O Out of The Heads foi um disco da fase inicial dos Stones, ainda pela gravadora Decca, que contém a música Heart of Stone. Essa música era parte da concepção original do conto. Tem a ver com o que nosso narrador se tornou, e nas minhas idéias iniciais eu tinha uma vaga idéia de um confronto do protagonista com outros aspectos perdidos de seu passado - aspectos que nem ele se dava conta, mas podem ser até percebidos no texto - basta juntar dois mais dois. No entanto, à medida em que eu escrevia, a história foi se tornando outra história.

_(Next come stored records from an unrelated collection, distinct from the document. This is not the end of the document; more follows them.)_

(* Let $\mathcal{L}$ be a functional first-order language and let $\mathcal{B}$ be an equationally Noetherian $\mathcal{L}$-algebra. Then for a finitely generated $\mathcal{L}$-algebra $\mathcal{C}$ the following conditions are equivalent: (1) $\mathrm{Th}_{\forall}(\mathcal{B}) \subseteq \mathrm{Th}_{\forall}(\mathcal{C})$ (i.e. $\mathcal{C}$ lies in the universal closure of $\mathcal{B}$); (2) $\mathrm{Th}_{\exists}(\mathcal{B}) \supseteq \mathrm{Th}_{\exists}(\mathcal{C})$; (3) $\mathcal{C}$ embeds into an ultrapower of $\mathcal{B}$; (4) $\mathcal{C}$ is discriminated by $\mathcal{B}$; (5) $\mathcal{C}$ is (isomorphic to) a limit algebra over $\mathcal{B}$; (6) $\mathcal{C}$ is (isomorphic to) the algebra defined by a complete atomic type in the theory $\mathrm{Th}_{\forall}(\mathcal{B})$ in $\mathcal{L}$; (7) $\mathcal{C}$ is (isomorphic to) the coordinate algebra of an irreducible algebraic set over $\mathcal{B}$ defined by a system of coefficient-free equations.
   Context: A functional language $\mathcal{L}$ consists of operation symbols $F$ (with arities $n_F$) and constant symbols, no predicates; $\mathcal{L}$-structures are called $\mathcal{L}$-algebras. $\mathrm{Th}_\forall(\mathcal{M})$ ($\mathrm{Th}_\exists(\mathcal{M})$) is the set of universal (existential) $\mathcal{L}$-sentences true in $\mathcal{M}$. $\mathcal{T}_{\mathcal{L}}(X)$ is the absolutely free $\mathcal{L}$-algebra (term algebra) on variables $X$. An equation is an atomic formula $t=s$ with $t,s$ terms; for $X=\{x_1,\dots,x_n\}$ and a set $S$ of equations in $X$ (a system), $\mathrm{V}_{\mathcal{B}}(S)=\{\bar b\in B^n : \mathcal{B}\models S(\bar b)\}$ is the algebraic set defined by $S$. $\mathcal{B}$ is equationally Noetherian if for every $n$ and every system $S$ in variables $x_1,\dots,x_n$ there is a finite $S_0\subseteq S$ with $\mathrm{V}_{\mathcal{B}}(S)=\mathrm{V}_{\mathcal{B}}(S_0)$. For $Y\subseteq B^n$, $\mathrm{Rad}(Y)$ is the set of all equations in $X$ holding at every point of $Y$ (all equations if $Y=\emptyset$); it defines a congruence $\theta$ on $\mathcal{T}_{\mathcal{L}}(X)$ by $t\sim s \iff (t=s)\in\mathrm{Rad}(Y)$, and the coordinate algebra of an algebraic set $Y$ is $\Gamma(Y)=\mathcal{T}_{\mathcal{L}}(X)/\theta$. Zariski topology on $B^n$: algebraic sets form a prebasis of closed sets (closed sets are arbitrary intersections of finite unions of algebraic sets). An algebraic set is irreducible if it is not the union of two proper closed subsets. $\mathcal{C}$ is discriminated by $\mathcal{B}$ if for every finite $W\subseteq C$ there is a homomorphism $\mathcal{C}\to\mathcal{B}$ injective on $W$. Complete atomic types: for a theory $T$ and finite $X$, an atomic type is a set $p$ of atomic formulas and negations of atomic formulas in variables $X$ such that $p\cup T$ is realized in some model of $T$; a complete atomic type is a maximal one. Its positive part $p^+$ (the atomic formulas in $p$) defines a congruence $\theta_p$ on $\mathcal{T}_{\mathcal{L}}(X)$ ($t\sim s\iff (t=s)\in p^+$), and $\mathcal{T}_{\mathcal{L}}(X)/\theta_p$ is the algebra defined by $p$. Limit algebras: a diagram-formula in a finite reduct $\mathcal{L}'$ of $\mathcal{L}$ in a finite variable set $X$ is a conjunction of atomic formulas and negated atomic formulas of $\mathcal{L}'$ such that: $\neg(x=y)$ is a conjunct for every pair of distinct $x,y\in X$; for each operation symbol $F\in\mathcal{L}'$ and each $(x_0,\dots,x_{n_F})\in X^{n_F+1}$ exactly one of $F(x_1,\dots,x_{n_F})=x_0$ or its negation is a conjunct; for each constant $c\in\mathcal{L}'$ and $x\in X$ exactly one of $x=c$ or $\neg(x=c)$ is a conjunct. A direct system of formulas $\Lambda=(I,\varphi_i,\gamma_{ij})$ consists of a directed poset $(I,\le)$, for each $i$ a consistent diagram-formula $\varphi_i$ in a finite reduct $\mathcal{L}_i$ and finite variable set $X_i$, and maps $\gamma_{ij}:X_i\to X_j$ ($i\le j$) with $\gamma_{ii}=\mathrm{id}$, $\gamma_{jk}\gamma_{ij}=\gamma_{ik}$, every conjunct of $\varphi_i(\gamma_{ij}(X_i))$ a conjunct of $\varphi_j$; moreover for every constant $c$ some $\varphi_i$ has a conjunct $x=c$ ($x\in X_i$), and for every $F$, $i$, and $(x_1,\dots,x_{n_F})\in X_i^{n_F}$ there is $j\ge i$ such that $\varphi_j$ has a conjunct $F(\gamma_{ij}(x_1),\dots,\gamma_{ij}(x_{n_F}))=x_j$ with $x_j\in X_j$. The limit algebra $L(\Lambda)$ has universe $\{(x,i): x\in X_i, i\in I\}/\!\equiv$ where $(x,i)\equiv(y,j)$ iff $\gamma_{ik}(x)=\gamma_{jk}(y)$ for some $k\ge i,j$; a constant $c$ is interpreted as the class of $(x,i)$ where $\varphi_i$ contains $x=c$, and $F(\langle x_1,i_1\rangle,\dots)=\langle x_j,j\rangle$ where $j\ge i_1,\dots$ and $\varphi_j$ contains $F(\gamma_{i_1j}(x_1),\dots)=x_j$ (these are well defined). $L(\Lambda)$ is a limit algebra over $\mathcal{B}$ if every $\varphi_i$ is realizable in $\mathcal{B}$ (true under some assignment $X_i\to B$). *)

From mathcomp Require Import all_boot.
From Stdlib Require List.
Set Implicit Arguments.
Unset Strict Implicit.
Unset Printing Implicit Defensive.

Tiffany e Debbie Gibson vocês não precisam conhecer. Foram cantoras pré-fabricadas de segunda, e acredite... Britney Spears é tão ruim QUANTO.
Já Blondie vocês tem que conhecer. É uma das boas coisas que o pós-punk trouxe. "Rapture" é um dos marcos da música pop, por mostrar uma das primeiras aproximações do pop com o rap(que ainda era coisa de gueto, naquele início dos anos oitenta), e acredite: poucas vezes eu ouvi uma voz tão sensual quanto a da Debbie Harry, vocalista da banda, nessa música...
Quanto a Neil Peart, se você não toca bateria, basta saber que ele é o baterista do Rush.
Bem, é isso. Meu mail é Espero que tenham gostado.
E lembrem-se: É somente Rock'n Roll, mas eu gosto... apesar das profecias negras da ficção científica.